Due to lack of deterrence, Russia’s INTERPOL membership is unlikely to be threatened despite numerous violations

Due to lack of deterrence, Russia’s INTERPOL membership is unlikely to be threatened despite numerous violations

The Moscow Kremlin, Russia

Bill Browder has called upon INTERPOL to suspend Russia’s membership after the country renewed its efforts to put him on the international wanted list. Despite five unsuccessful attempts, Russia’s law enforcement agencies hope to secure INTERPOL’s cooperation in Mr. Browder’s case. So far, the organization has been unwilling to cooperate and in a rare public statement about an individual case called it predominantly political. However, despite Russia’s repeated violations of INTERPOL’s rules in this and other cases, the country’s membership is unlikely in any danger.

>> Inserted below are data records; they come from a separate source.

(* Let $K$ be a field, let $P$ be a convex $n$-gon and let $D$ be a dissection of $P$ which divides $P$ into subpolygons $P_1,\ldots,P_\ell$ with $P_i$ a $d_i$-gon ($d_i\ge 3$). Let $f:\mathrm{diag}(P)\to K$ be the weak frieze with respect to $D$ whose restriction to $\mathrm{diag}(P_i)$ is the constant map with value $1$ for every $i$. Let $M_f$ be the associated weak frieze matrix. Then $$\det(M_f) = (-1)^{\ell-1}\prod_{i=1}^{\ell}(-1)^{d_i-1}(d_i-1) = (-1)^{n-1}\prod_{i=1}^{\ell}(d_i-1).$$
   Context: For a convex polygon with vertices $1,\ldots,n$ (cyclically ordered), a diagonal is any unordered pair $\{i,j\}$ of distinct vertices (including boundary edges); $\mathrm{diag}(P)$ is the set of all diagonals. A diagonal is internal if its endpoints are not cyclic neighbours. Diagonals $\{i,j\}$, $\{k,\ell\}$ cross if cyclically $i<k<j<\ell$ or $i<\ell<j<k$. A dissection is a set of pairwise non-crossing internal diagonals. A map $f:\mathrm{diag}(P)\to K$ (write $f(i,j)=f(\{i,j\})$) is a weak frieze with respect to a dissection $D$ if for every pair of crossing diagonals $\{i,j\},\{k,\ell\}$ with at least one in $D$, $f(i,j)f(k,\ell)=f(i,k)f(j,\ell)+f(i,\ell)f(j,k)$. Given subpolygons cut out by $D$ and weak friezes on them agreeing (with nonzero value) on shared diagonals, there is a unique weak frieze on $P$ with respect to $D$ restricting to them; here this is applied with all pieces constantly $1$. The weak frieze matrix $M_f$ is the symmetric $n\times n$ matrix with entries $m_{i,i}=0$ and $m_{i,j}=f(i,j)$ for $i\neq j$. *)

(* Vertices of the convex n-gon are 'I_n, cyclically ordered
   0,1,...,n-1. A diagonal {i,j} is represented by the finite set [set i; j]. *)
From HB Require Import structures.
From mathcomp Require Import all_boot all_order all_algebra.
Set Implicit Arguments. Unset Strict Implicit. Unset Printing Implicit Defensive.
Import Order.TTheory GRing.Theory Num.Theory.

Local Open Scope ring_scope.
Section Polygon.
Variable n : nat.

Definition strictly_between (a b x : 'I_n) : bool :=
  ((minn a b < x) && (x < maxn a b))%N.

(* {i,j} and {k,l} cross: four distinct vertices, exactly one of k,l lies on
   each of the two arcs cut out by i and j (i.e. cyclically i<k<j<l or i<l<j<k). *)
Definition cross (i j k l : 'I_n) : bool :=
  [&& k != i, k != j, l != i, l != j &
      strictly_between i j k != strictly_between i j l].

Definition internal (i j : 'I_n) : bool :=
  [&& i != j, (i.+1 %% n != j)%N & (j.+1 %% n != i)%N].

Definition dissection (D : {set {set 'I_n}}) : Prop :=
  (forall d, d \in D -> exists i j : 'I_n, d = [set i; j] /\ internal i j) /\
  (forall i j k l : 'I_n, [set i; j] \in D -> [set k; l] \in D -> ~~ cross i j k l).

Definition crossed_by (D : {set {set 'I_n}}) (x y : 'I_n) : bool :=
  [exists k, exists l, ([set k; l] \in D) && cross x y k l].

Definition uncrossed (D : {set {set 'I_n}}) (S : {set 'I_n}) : bool :=
  [forall x in S, forall y in S, ~~ crossed_by D x y].

(* The subpolygons P_1,...,P_l cut out by D, given by their vertex sets:
   the maximal vertex sets in which no diagonal is crossed by D. *)
Definition cells (D : {set {set 'I_n}}) : {set {set 'I_n}} :=
  [set S | maxset (uncrossed D) S].

Definition weak_frieze (K : fieldType) (D : {set {set 'I_n}})
    (f : {set 'I_n} -> K) : Prop :=
  forall i j k l : 'I_n, cross i j k l ->
    ([set i; j] \in D) || ([set k; l] \in D) ->
    f [set i; j] * f [set k; l] =
      f [set i; k] * f [set j; l] + f [set i; l] * f [set j; k].

Definition frieze_matrix (K : fieldType) (f : {set 'I_n} -> K) : 'M[K]_n :=
  \matrix_(i < n, j < n) (if i == j then 0 else f [set i; j]).

End Polygon.

(* Call a vertex set S crossing-closed if every diagonal of D that crosses a pair of vertices
   of S has its endpoints in S: a union of subpolygons, such as the whole polygon. The principal
   minor of M_f on such an S is computed by induction. If no diagonal of D crosses S, then S is
   a single subpolygon with d vertices, on which M_f is J - I, of determinant (-1)^(d-1) (d-1).
   Otherwise some {a,b} in D crosses S and cuts it into an inner part A and an outer part B
   meeting in {a,b}; the subpolygons of S are those of A together with those of B. For x
   strictly inside and y strictly outside, the frieze relation for the crossing pair {x,y},
   {a,b} with f(a,b) = 1 is the Ptolemy relation m(x,y) = m(x,a) m(b,y) + m(x,b) m(a,y), so
   the off-diagonal block of M_S factors through the rows of a and b, and a Schur complement
   computation gives det M_S = - det M_A det M_B. The two formulas of the theorem agree since
   the sizes d_i of the subpolygons satisfy sum (d_i - 2) = n - 2. *)

From HB Require Import structures.
From mathcomp Require Import all_boot all_order all_algebra all_fingroup zify.
Import GRing.Theory.

Set Implicit Arguments. Unset Strict Implicit. Unset Printing Implicit Defensive.

Lemma perm_enum_setU (T : finType) (X Y : {set T}) :
  [disjoint X & Y] -> perm_eq (enum (X :|: Y)) (enum X ++ enum Y).
Proof.
move=> dXY; apply: perm_trans (enum_setU X Y) _; rewrite undup_id // cat_uniq !enum_uniq andbT /=.
by apply/hasPn => z; rewrite !mem_enum => zY; rewrite (disjointFl dXY zY).
Qed.

Lemma perm_enum_set2 (T : finType) (a b : T) : a != b -> perm_eq (enum [set a; b]) [:: a; b].
Proof.
move=> ab; apply: uniq_perm; rewrite ?enum_uniq //= ?inE ?ab // => z.
by rewrite mem_enum !inE.
Qed.

Lemma big_setU_disjoint (R : Type) (idx : R) (op : Monoid.com_law idx) (I : finType)
    (A B : {set I}) (F : I -> R) :
  [disjoint A & B] ->
  \big[op/idx]_(i in A :|: B) F i = op (\big[op/idx]_(i in A) F i) (\big[op/idx]_(i in B) F i).
Proof. by move=> dAB; rewrite -bigU //; apply: eq_bigl => i; rewrite !inE. Qed.

Section BlockDeterminants.
Local Open Scope ring_scope.
Variable R : comNzRingType.

Lemma det_const1_sub1 k : (0 < k)%N ->
  \det (const_mx 1 - 1%:M : 'M[R]_k) = (-1) ^+ (k - 1) * (k - 1)%:R.
Proof.
case: k => // q _; rewrite subn1 /=.
change (\det (const_mx 1 - 1%:M : 'M[R]_(1 + q)) = (-1) ^+ q * q%:R).
set u : 'M[R]_(1, q) := const_mx 1; set v : 'M[R]_(q, 1) := const_mx 1.
have vu : const_mx 1 = v *m u by apply/matrixP => i j; rewrite !mxE big_ord1 !mxE mulr1.
have uv : u *m v = q%:R%:M.
  apply/rowP => i; rewrite ord1 !mxE.
  under eq_bigr do rewrite !mxE mulr1.
  by rewrite sumr_const card_ord.
have Jblock : const_mx 1 - 1%:M = block_mx 0 u v (v *m u - 1%:M) :> 'M[R]_(1 + q).
  rewrite -block_mx_const scalar_mx_block opp_block_mx add_block_mx !oppr0 !addr0 -vu.
  by congr block_mx; apply/rowP => i; rewrite !mxE ord1 subrr.
(* Subtracting row 0 from the other rows, then adding the other columns to column 0,
   makes the matrix block upper triangular. *)
pose L (w : 'M[R]_(q, 1)) : 'M[R]_(1 + q) := block_mx 1%:M 0 w 1%:M.
have detL w : \det (L w) = 1 by rewrite det_lblock !det1 mulr1.
have : L (- v) *m (const_mx 1 - 1%:M) *m L v = block_mx (u *m v) u 0 (- 1%:M).
  rewrite Jblock !mulmx_block !mul1mx !mul0mx !mulmx0 !addr0 !add0r mulNmx !mulmx1 addKr.
  by rewrite mulNmx mul1mx subrr add0r.
move/(congr1 determinant); rewrite !det_mulmx !detL mul1r mulr1 => ->.
by rewrite det_ublock uv det_scalar1 -scaleN1r detZ det1 mulr1 mulrC.
Qed.

Lemma det_block_schur k q (P : 'M[R]_k) (Z : 'M[R]_(k, q)) (Q : 'M[R]_q) :
  \det (block_mx P (P *m Z) (Z^T *m P) Q) = \det P * \det (Q - Z^T *m P *m Z).
Proof.
have -> : block_mx P (P *m Z) (Z^T *m P) Q =
    block_mx 1%:M 0 Z^T 1%:M *m block_mx P (P *m Z) 0 (Q - Z^T *m P *m Z).
  by rewrite mulmx_block !mul1mx !mul0mx !addr0 mulmxA addrC subrK.
by rewrite det_mulmx det_lblock det_ublock !det1 !mul1r.
Qed.

End BlockDeterminants.

Section SubmatrixCat.
Variables (R : Type) (m n : nat) (A : 'M[R]_(m, n)).

Lemma mxsub_catl p1 p2 q (s1 : p1.-tuple 'I_m) (s2 : p2.-tuple 'I_m) (t : q.-tuple 'I_n) :
  mxsub (tnth [tuple of s1 ++ s2]) (tnth t) A =
  col_mx (mxsub (tnth s1) (tnth t) A) (mxsub (tnth s2) (tnth t) A).
Proof.
apply/matrixP => i j; rewrite -[i]splitK.
by case: (split i) => i'; rewrite ?col_mxEu ?col_mxEd !mxE ?tnth_lshift ?tnth_rshift.
Qed.

Lemma mxsub_catr p q1 q2 (s : p.-tuple 'I_m) (t1 : q1.-tuple 'I_n) (t2 : q2.-tuple 'I_n) :
  mxsub (tnth s) (tnth [tuple of t1 ++ t2]) A =
  row_mx (mxsub (tnth s) (tnth t1) A) (mxsub (tnth s) (tnth t2) A).
Proof.
apply/matrixP => i j; rewrite -[j]splitK.
by case: (split j) => j'; rewrite ?row_mxEl ?row_mxEr !mxE ?tnth_lshift ?tnth_rshift.
Qed.

Lemma mxsub_cat p1 p2 q1 q2 (s1 : p1.-tuple 'I_m) (s2 : p2.-tuple 'I_m)
    (t1 : q1.-tuple 'I_n) (t2 : q2.-tuple 'I_n) :
  mxsub (tnth [tuple of s1 ++ s2]) (tnth [tuple of t1 ++ t2]) A =
  block_mx (mxsub (tnth s1) (tnth t1) A) (mxsub (tnth s1) (tnth t2) A)
           (mxsub (tnth s2) (tnth t1) A) (mxsub (tnth s2) (tnth t2) A).
Proof. by rewrite mxsub_catl !mxsub_catr. Qed.

End SubmatrixCat.

Section SignedProducts.
Local Open Scope ring_scope.

Lemma signr_prod_cards (R : comNzRingType) (T : finType) (C : {set {set T}})
    (F : {set T} -> R) k :
    {in C, forall X : {set T}, 1 < #|X|}%N ->
    (\sum_(X in C) (#|X| - 2) = k - 2)%N -> (2 < k)%N ->
  (-1) ^+ (#|C| - 1) * \prod_(X in C) ((-1) ^+ (#|X| - 1) * F X) =
  (-1) ^+ (k - 1) * \prod_(X in C) F X.
Proof.
move=> C_big C_sum k_big; rewrite big_split /= prodrXr mulrA -exprD.
have C0 : (0 < #|C|)%N.
  rewrite lt0n cards_eq0; apply: contraTneq k_big => C0.
  by move: C_sum; rewrite C0 big_set0; lia.
have -> : (\sum_(X in C) (#|X| - 1) = \sum_(X in C) (#|X| - 2) + #|C|)%N.
  by rewrite -sum1_card -big_split /=; apply: eq_bigr => X /C_big; lia.
have -> : (#|C| - 1 + (\sum_(X in C) (#|X| - 2) + #|C|) = k - 1 + (#|C| - 1) * 2)%N.
  by rewrite C_sum; lia.
by rewrite exprD exprM sqrr_sign mulr1.
Qed.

Under its regulations, INTERPOL is authorized to suspend or withdraw any user’s access to the organization’s databases, including any of its member countries, if that user violates INTERPOL’s rules on data processing. It is unclear whether INTERPOL has ever used that power. Certain recent examples suggest that the organization would rather avoid punishing a country. For example, it has been reported that Turkey tried to put 60,000 individuals allegedly linked to the 2016 failed coup against President Recep Tayyip Erdogan on the INTERPOL wanted list. According to these reports, INTERPOL refused to sanction Turkey for what appears to be an unprecedented violation of the organization’s Constitution, which strictly forbids INTERPOL to undertake any intervention or activities of a political character. If INTERPOL is reluctant to punish governments for such egregious violations, is there a limit, which, if crossed, would eventually force the organization to sanction the government?

The Prosecutor General’s Office of the Russian Federation, Moscow

INTERPOL’s unwillingness to suspend or withdraw access to its resources is not without reason. A country without access to INTERPOL’s databases might not be able to identify criminals wanted by other countries or inform foreign law enforcement about criminals possibly entering their territories, which could be detrimental to regional and global security. However, without a punishment effective enough to deter governments from abusing INTERPOL’s resources, the organization will always remain a tool in the hands of oppressive regimes.